2014-05-08
md
Adding Boolean Operations
Part 7 – Optimizing by Constant Folding-> <-Part 5 – Constructing a Parse Tree
 Part 6 of Parsing and Evaluating Mathematical Expressions 

discontinuous By building a parse tree, it is now possible to evaluate efficiently mathematical expressions as when plotting the graph of a function. However, all the functions that have been included in the parser are continuous.
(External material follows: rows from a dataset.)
Lemma type11_rep F c : type11 F -> size c = 7%N ->
  F (dec c) = (horizontal2 c)%:R *: F (dec (rep11 c)).
Proof.
move=> hF hc; rewrite /rep11.
case: eqP => [->|_]; first by rewrite scale1r !dec_mkc2 // (type11_high hF (i := 2) (j := 3)).
case: eqP => [->|_]; first by rewrite scale1r !dec_mkc2 // (type11_high hF (i := 2) (j := 4)).
case: eqP => [->|_]; first by rewrite scale1r !dec_mkc2 // (type11_high hF (i := 3) (j := 4)).
case: eqP => [->|_]; first by rewrite scale1r !dec_mkc2 // (type11_mixed hF (i := 2) (j := 3)).
case: eqP => [->|_]; first by rewrite scale1r !dec_mkc2 // (type11_mixed hF (i := 2) (j := 4)).
case: eqP => [->|_]; first by rewrite scale1r !dec_mkc2 // (type11_mixed hF (i := 3) (j := 4)).
case hk: (horizontal2 c); first by rewrite scale1r.
rewrite scale0r; case: (boolP (#|dec c| == 2%N)) => [hcard | ]; last by case: hF => h2 _; apply: h2.
move: hk; rewrite /horizontal2 -card_dec // hcard /= -dec_head => /negbFE h1.
case/cards2P: hcard => x [y [hxy hc2]]; rewrite hc2 !inE in h1 *.
case/orP: h1 => /eqP hx; rewrite -hx in hxy *; first by rewrite type11_xi // eq_sym.
by rewrite setUC type11_xi.
Qed.

Lemma type11_expand F : type11 F ->
  F = fun J => \sum_(b <- basis11) formR R (beta11 b) J *: F (dec b).
Proof.
move=> hF; apply/funext => J; rewrite -(encK J); move: (enc J) (size_enc J) => c hc.
rewrite (type11_rep hF hc); under eq_bigr do rewrite formR_dec // /beta11 rmorph_nat.
case: (boolP (horizontal2 c)) => hk /=; last by rewrite scale0r big1 // => b _; rewrite scale0r.
have hrep : rep11 c \in basis11.
  by move/allP: rep11_basis11 => /(_ c); rewrite mem_codes hc eqxx hk; apply.
rewrite scale1r (big_rem _ hrep) /= eqxx scale1r big1_seq ?addr0 // => b /andP[_].
rewrite (mem_rem_uniq _ uniq_basis11) !inE => /andP[/negbTE hb _].
by rewrite eq_sym hb scale0r.
Qed.

Lemma wedgeV_type11 F f : type11 F ->
  all (fun b => all (fun c => wedgeC f (beta11 b) c == 0) (codes 7)) basis11 ->
  wedgeV (formR R f) F = fun _ => 0.
Proof.
move=> hF /allP hf; rewrite {1}(type11_expand hF) wedgeV_expand; apply/funext => K.
apply: big1_seq => b /andP[_ hb].
by rewrite wedge_formR (@eq_formR R _ (fun=> 0) (hf b hb)) /formR rmorph0 scale0r.
Qed.

End Type11.

(** * Normalisation by the metric *)

Section Normalisation.
Variable R : realType.

Lemma contr_phiX (c0 al be : R) : contr (idx 1) (phiX c0 al be) = fscale c0 (formR R omegaC).
Proof.
rewrite /phiX !(contr_fadd, contr_fscale) (contr_formR_eq0 _ contrC_reOmega).
rewrite (contr_formR_eq0 _ contrC_imOmega) contr_formR (eq_formR _ contrC_eta_omega).
by apply/funext => I; rewrite /fadd /fscale /formR rmorph0 !mulr0 !addr0.
Qed.

Lemma induces_metric_phiX (c0 al be s : R) :
  induces_metric (phiX c0 al be) s -> c0 ^+ 3 = - s.
Proof.
move=> [_ /(_ (idx 1) (idx 1))]; rewrite eqxx mulr1 contr_phiX.
rewrite wedge_fscalel wedge_fscaler wedge_formR /phiX.
rewrite !(wedge_faddr, wedge_fscaler, wedge_fscalel) !wedge_formR.
rewrite /topcoef /fadd /fscale !formR_setT.
rewrite top_omega2_eta_omega top_omega2_reOmega top_omega2_imOmega => <-.
by rewrite (_ : ((-6 : int)%:~R : R) = -6) //; field.
Qed.

Lemma cube_eqN1 (x : R) : x ^+ 3 = -1 -> x = -1.
Proof.
move=> h; have : (x + 1) * (x ^+ 2 - x + 1) = 0 by rewrite -(addNr 1) -h; ring.
by move/eqP; rewrite mulf_eq0 => /orP[|] /eqP e; [lra | nra].
Qed.

Lemma induces_metric_normalised (c0 al be s : R) :
  c0 < 0 -> induces_metric (phiX c0 al be) s -> c0 = -1 /\ s = 1.
Proof.
move=> hc0 hm; have hcube := induces_metric_phiX hm; have [hs _] := hm.
have s1 : s = 1 by case: hs => // sN1; rewrite sN1 opprK in hcube; nra.
by split => //; apply: cube_eqN1; rewrite hcube s1.
Qed.

Lemma wedgeV_phiX (V : lmodType R) (F : vform V) (c0 al be : R) : type11 F ->
  wedgeV (phiX c0 al be) F = fun K => c0 *: wedgeV (wedge (@Defs.eta R) (@Defs.omega R)) F K.
Proof.
move=> hF; rewrite /phiX !(wedgeV_fadd, wedgeV_fscale) wedge_eta_omega.
rewrite (wedgeV_type11 hF reOmega_wedge_beta11) (wedgeV_type11 hF imOmega_wedge_beta11).
by apply/funext => K; rewrite !scaler0 !addr0.
Qed.

End Normalisation.

Theorem lemma3p3 (R : realType) (a b z y2 : R) (s : R) (V : lmodType R)
    (F : vform V) :
  0 < y2 -> 0 < z ->
  z ^+ 2 = 4 * powR (a ^+ 2 + b ^+ 2) (4 / 3) ->
  induces_metric (e_to_X y2 (phi_e a b a b z)) s ->
  type11 F ->
  G2_instanton s (e_to_X y2 (phi_e a b a b z)) F ->
  SD_contact_instanton s F.
Proof.
move=> hy hz _; rewrite e_to_X_phi => hmet hF hG.
have hc0 : - z * ((2 * y2)^-1 * (Num.sqrt y2)^-1 ^+ 2) < 0.
  by rewrite mulNr oppr_lt0 !mulr_gt0 ?invr_gt0 ?exprn_gt0 ?sqrtr_gt0 ?mulr_gt0.
have [c0E _] := induces_metric_normalised hc0 hmet.
apply/funext => K; have := congr1 (fun G => G K) hG.
by rewrite /G2_instanton (wedgeV_phiX _ _ _ hF) c0E hstar_scale scaleN1r => /oppr_inj.
Qed.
It would therefore be difficult to draw a discontinuous graph such as shown on the right.

An if function as found in Excel or LibreOffice.Calc with conditional execution makes this relatively easy.

The if function

Formally the function

if(condition, true_expression, false_expression)

returns the value of true_expression when condition is true and returns the value of false_expression if the condition is false. Here is the statement for the figure on the right: if(x < 25, 2*x, 20+2*x).
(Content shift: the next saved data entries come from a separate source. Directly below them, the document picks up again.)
(* Let $n$ be a positive integer and $p$ an odd prime. Let $S \subseteq \mathbb{Z}_n$ with $0 \notin S$, $S = -S$, $|S| = p-1$, such that the circulant graph $\mathrm{Cay}(\mathbb{Z}_n, S)$ is connected. Then $\mathrm{Cay}(\mathbb{Z}_n, S)$ admits a perfect code if and only if $p$ divides $n$ and $s \not\equiv s' \pmod p$ for all distinct $s, s' \in S \cup \{0\}$.
   Context: $\mathbb{Z}_n$ is the additive group of integers modulo $n$; elements are identified with integers in $\{0,1,\dots,n-1\}$ when reducing modulo $p$. For an inverse-closed subset $S$ of $\mathbb{Z}_n$ not containing $0$, the circulant graph $\mathrm{Cay}(\mathbb{Z}_n,S)$ has vertex set $\mathbb{Z}_n$, with $u,v$ adjacent iff $v-u \in S$; its degree is $|S|$. A perfect code in a graph $\Gamma=(V,E)$ is a subset $C \subseteq V$ that is an independent set such that every vertex of $V\setminus C$ is adjacent to exactly one vertex of $C$ (equivalently, the closed neighbourhoods of vertices of $C$ partition $V$). *)

(* Z_n is modelled by the ordinal type 'I_n (n > 0),
   with arithmetic modulo n performed on the underlying naturals. *)
From mathcomp Require Import all_boot.
Set Implicit Arguments. Unset Strict Implicit. Unset Printing Implicit Defensive.

Definition zdiff (n : nat) (v u : 'I_n) : nat := (v + (n - u)) %% n.

Definition connection_set (n : nat) (S : {set 'I_n}) : Prop :=
  (forall s, s \in S -> val s != 0) /\
  (forall s, s \in S -> exists2 t, t \in S & val t = (n - s) %% n).

Definition circ_adj (n : nat) (S : {set 'I_n}) : rel 'I_n :=
  fun u v => [exists s in S, val s == zdiff v u].

Definition circ_connected (n : nat) (S : {set 'I_n}) : Prop :=
  forall u v : 'I_n, connect (circ_adj S) u v.

Definition perfect_code (n : nat) (S : {set 'I_n}) (C : {set 'I_n}) : Prop :=
  (forall c c', c \in C -> c' \in C -> ~~ circ_adj S c c') /\
  (forall v, v \notin C -> #|[set c in C | circ_adj S v c]| = 1).

(* A perfect code C of Cay(Z_n, S) is the same thing as a tiling T + C = Z_n by
   T = {0} u S.  Then |T| = p divides n, and T(w) C(w) = 0 for every n-th root of unity
   w <> 1, where X(w) is the sum of the w^x over x in X.  If p^a is the exact power of p
   dividing n, then p^a does not divide |C| = n/p, so C(w) cannot vanish at all the
   nontrivial p^a-th roots of unity: T(w) = 0 for some w of order p^(k+1).  The minimal
   polynomial of w is Phi_p(X^(p^k)), which forces the p elements of T to be multiples
   of p^k with distinct residues mod p^(k+1).  For k > 0 the multiples of p^k would be
   closed under adjacency, contradicting connectedness.  Conversely, when the elements of
   T are distinct mod p, the multiples of p are a perfect code. *)

From mathcomp Require Import all_boot all_algebra.
From mathcomp Require Import algC cyclotomic.
Set Implicit Arguments.
Unset Strict Implicit.
Unset Printing Implicit Defensive.
Import GRing.Theory Num.Theory.
Local Open Scope ring_scope.

Lemma big_nat_mul_blocks (R : Type) (idx : R) (op : Monoid.law idx) a b (F : nat -> R) :
  \big[op/idx]_(0 <= j < a * b) F j =
  \big[op/idx]_(0 <= l < a) \big[op/idx]_(0 <= r < b) F (l * b + r)%N.
Proof.
rewrite big_nat_mul; apply: eq_bigr => l _.
rewrite mulSn addnC -{1}[(l * b)%N]add0n big_addn addKn.
by apply: eq_bigr => r _; rewrite addnC.
Qed.

Lemma sum_expr_root1_eq0 (R : idomainType) (u : R) n :
  u ^+ n = 1 -> u != 1 -> \sum_(i < n) u ^+ i = 0.
Proof.
move=> un1 u_neq1; apply/eqP; have /eqP := subrX1 u n.
by rewrite un1 subrr eq_sym mulf_eq0 subr_eq0 (negbTE u_neq1).
Qed.

Lemma sum_prim_root_expr (R : idomainType) N (z : R) x :
  N.-primitive_root z ->
  \sum_(j < N) (z ^+ j) ^+ x = if (N %| x)%N then N%:R else 0.
Proof.
move=> prim_z; under eq_bigr do rewrite exprAC.
case: ifPn => [Nx | Nx].
  have /eqP -> : z ^+ x == 1 by rewrite -(prim_order_dvd prim_z).
  by rewrite (eq_bigr (fun _ => 1)) ?sumr_const ?card_ord // => j; rewrite expr1n.
apply: sum_expr_root1_eq0; first by rewrite exprAC (prim_expr_order prim_z) expr1n.
by rewrite -(prim_order_dvd prim_z).
Qed.

Lemma sum_periodic_root_eq0 (R : idomainType) (f : nat -> R) (w : R) a b :
  (w ^+ b) ^+ a = 1 -> w ^+ b != 1 ->
  \sum_(0 <= j < a * b) f (j %% b)%N * w ^+ j = 0.
Proof.
move=> wb1 wb_neq1; rewrite big_nat_mul_blocks exchange_big /=.
apply: big1_seq => r; rewrite mem_index_iota => r_lt_b.
under eq_bigr do rewrite modnMDl modn_small // exprD mulrCA mulnC exprM.
by rewrite -mulr_suml big_mkord sum_expr_root1_eq0 ?mul0r.
Qed.

Lemma prim_root_pfactor_exists (R : idomainType) p a (w : R) :
  prime p -> w ^+ (p ^ a) = 1 -> w != 1 -> exists k, (p ^ k.+1).-primitive_root w.
Proof.
move=> pr_p wpa w_neq1; have pa_gt0 : (0 < p ^ a)%N by rewrite expn_gt0 prime_gt0.
have [m prim_w /(dvdn_pfactor _ _ pr_p) [[|k] _ m_eq]] := prim_order_exists pa_gt0 wpa.
  move: prim_w w_neq1; rewrite m_eq expn0 => /prim_expr_order.
  by rewrite expr1 => ->; rewrite eqxx.
by exists k; rewrite -m_eq.
Qed.

Lemma prim_root_poly_eq0 (m : nat) (w : algC) (P : {poly rat}) :
  m.-primitive_root w -> (size P <= totient m)%N -> root (map_poly ratr P) w -> P = 0.
Proof.
move=> prim_w szP Pw; apply: contraTeq szP => P_neq0; rewrite -ltnNge.
have [Q [DQ _] dvdQ] := minCpolyP w.
have := dvdp_leq P_neq0 (_ : Q %| P); rewrite -dvdQ Pw => /(_ isT).
by rewrite -(size_map_poly (@ratr algC) Q) -DQ (minCpoly_cyclotomic prim_w) size_cyclotomic.
Qed.

Lemma coef_mod_prim_root_pfactor (p k : nat) (w : algC) (P : {poly rat}) :
  prime p -> (p ^ k.+1).-primitive_root w -> (size P <= p ^ k.+1)%N ->
  root (map_poly ratr P) w ->
  forall j, (j < p ^ k.+1)%N -> P`_j = P`_(j %% p ^ k).
Proof.
move=> pr_p prim_w szP Pw; have p_gt0 := prime_gt0 pr_p.
set M := (p ^ k)%N; set q := (p.-1 * M)%N.
have M_gt0 : (0 < M)%N by rewrite expn_gt0 p_gt0.
have pM : (p ^ k.+1 = p * M)%N by rewrite expnS.
have qM : (p * M = q + M)%N by rewrite /q addnC -mulSn prednK.
have top j : (q <= j < q + M)%N -> (j %% M + q)%N = j.
  case/andP=> qj jqM; have jq_lt_M : (j - q < M)%N by rewrite ltn_subLR.
  by rewrite -{1}(subnKC qj) /q modnMDl modn_small // subnK.
have prim_wM : p.-primitive_root (w ^+ M).
  have p_dvd : (p %| p ^ k.+1)%N by rewrite pM dvdn_mulr.
  by have := dvdn_prim_root prim_w p_dvd; rewrite pM mulKn.
have wM_neq1 : w ^+ M != 1.
  by rewrite -[w ^+ M]expr1 -(prim_order_dvd prim_wM) dvdn1 gtn_eqF ?prime_gt1.
have periodic0 : \sum_(0 <= j < p * M) ratr P`_(j %% M + q) * w ^+ j = 0.
  exact: (sum_periodic_root_eq0 (fun r => ratr P`_(r + q)) (prim_expr_order prim_wM) wM_neq1).
(* Subtracting [periodic0] folds the top block [q, q + M) of P onto the lower blocks,
   leaving a polynomial of size at most q = totient (p ^ k.+1) that vanishes at w. *)
pose E := \poly_(j < q) (P`_j - P`_(j %% M + q)).
have E0 : E = 0.
  apply: (prim_root_poly_eq0 prim_w); first by rewrite totient_pfactor // size_poly.
  rewrite /root (@horner_coef_wide _ q) ?size_map_poly ?size_poly //.
  rewrite -(big_mkord xpredT (fun j => (map_poly ratr E)`_j * w ^+ j)).
  have -> : \sum_(0 <= j < q) (map_poly ratr E)`_j * w ^+ j =
            \sum_(0 <= j < p * M) (ratr P`_j - ratr P`_(j %% M + q)) * w ^+ j.
    rewrite qM (big_cat_nat (leq0n q) (leq_addr M q)) /= [X in _ + X]big_nat_cond.
    rewrite [X in _ + X]big1 => [|j /andP[/top -> _]]; last by rewrite subrr mul0r.
    rewrite addr0; apply: eq_big_nat => j /andP[_ jq].
    by rewrite coef_map coef_poly jq raddfB.
  under eq_bigr do rewrite mulrBl.
  rewrite sumrB periodic0 subr0 big_mkord -pM.
  under eq_bigr do rewrite -coef_map.
  by rewrite -horner_coef_wide ?size_map_poly.
have Pq j : (j < p * M)%N -> P`_j = P`_(j %% M + q).
  case: (ltnP j q) => [jq _ | qj jpM]; last by rewrite top // qj -qM.
  have /eqP := congr1 (fun Q : {poly rat} => Q`_j) E0.
  by rewrite coef_poly jq coef0 subr_eq0 => /eqP.
move=> j; rewrite pM => jpM.
have jM_lt : (j %% M < p * M)%N := leq_trans (ltn_pmod j M_gt0) (leq_pmull M p_gt0).
by rewrite Pq // (Pq _ jM_lt) modn_mod.
Qed.

Lemma sum_expr_count_mod (R : nzSemiRingType) (I : finType) (T : {set I}) (f : I -> nat)
    (x : R) m :
  (0 < m)%N -> x ^+ m = 1 ->
  \sum_(t in T) x ^+ f t = \sum_(j < m) #|[set t in T | (f t %% m == j)%N]|%:R * x ^+ j.
Proof.
move=> m_gt0 xm1.
rewrite (partition_big (fun t => Ordinal (ltn_pmod (f t) m_gt0)) predT) //=.
apply: eq_bigr => j _; rewrite mulr_natl -sumr_const.
apply: eq_big => [t | t /andP[_ /eqP <-]]; first by rewrite inE.
by rewrite expr_mod.
Qed.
The condition, x < 25 returns true when the value of the variable x is less than 25 and false otherwise. The exact nature of such Boolean relationships will be examined later. For now, the usual convention is adopted. The logical value false is represented by the number 0 and any other number represents the logical value true.

The straightforward implementation of the if function could be as below.

function _if.Calc: float; begin if args[0] = 0.0 then result := args[2] else result := args[1]; end;

Then the function could be added to the function list,

InternalTargets.Add('if', _if.create(3))

Unfortunately, it is a mistake to proceed in that fashion because both the true and false expressions as well as the condition will be evaluated by TCallNode’s Eval method to fill the args array before _if.Calc is invoked. The problem is that if statements are often used to avoid calculating the value of a function when a variable is not in its domain. If drawing the graph of x·ln(x) over the interval −2 to 2, it would be better to draw if(x <= 0, 0, x*ln(x)).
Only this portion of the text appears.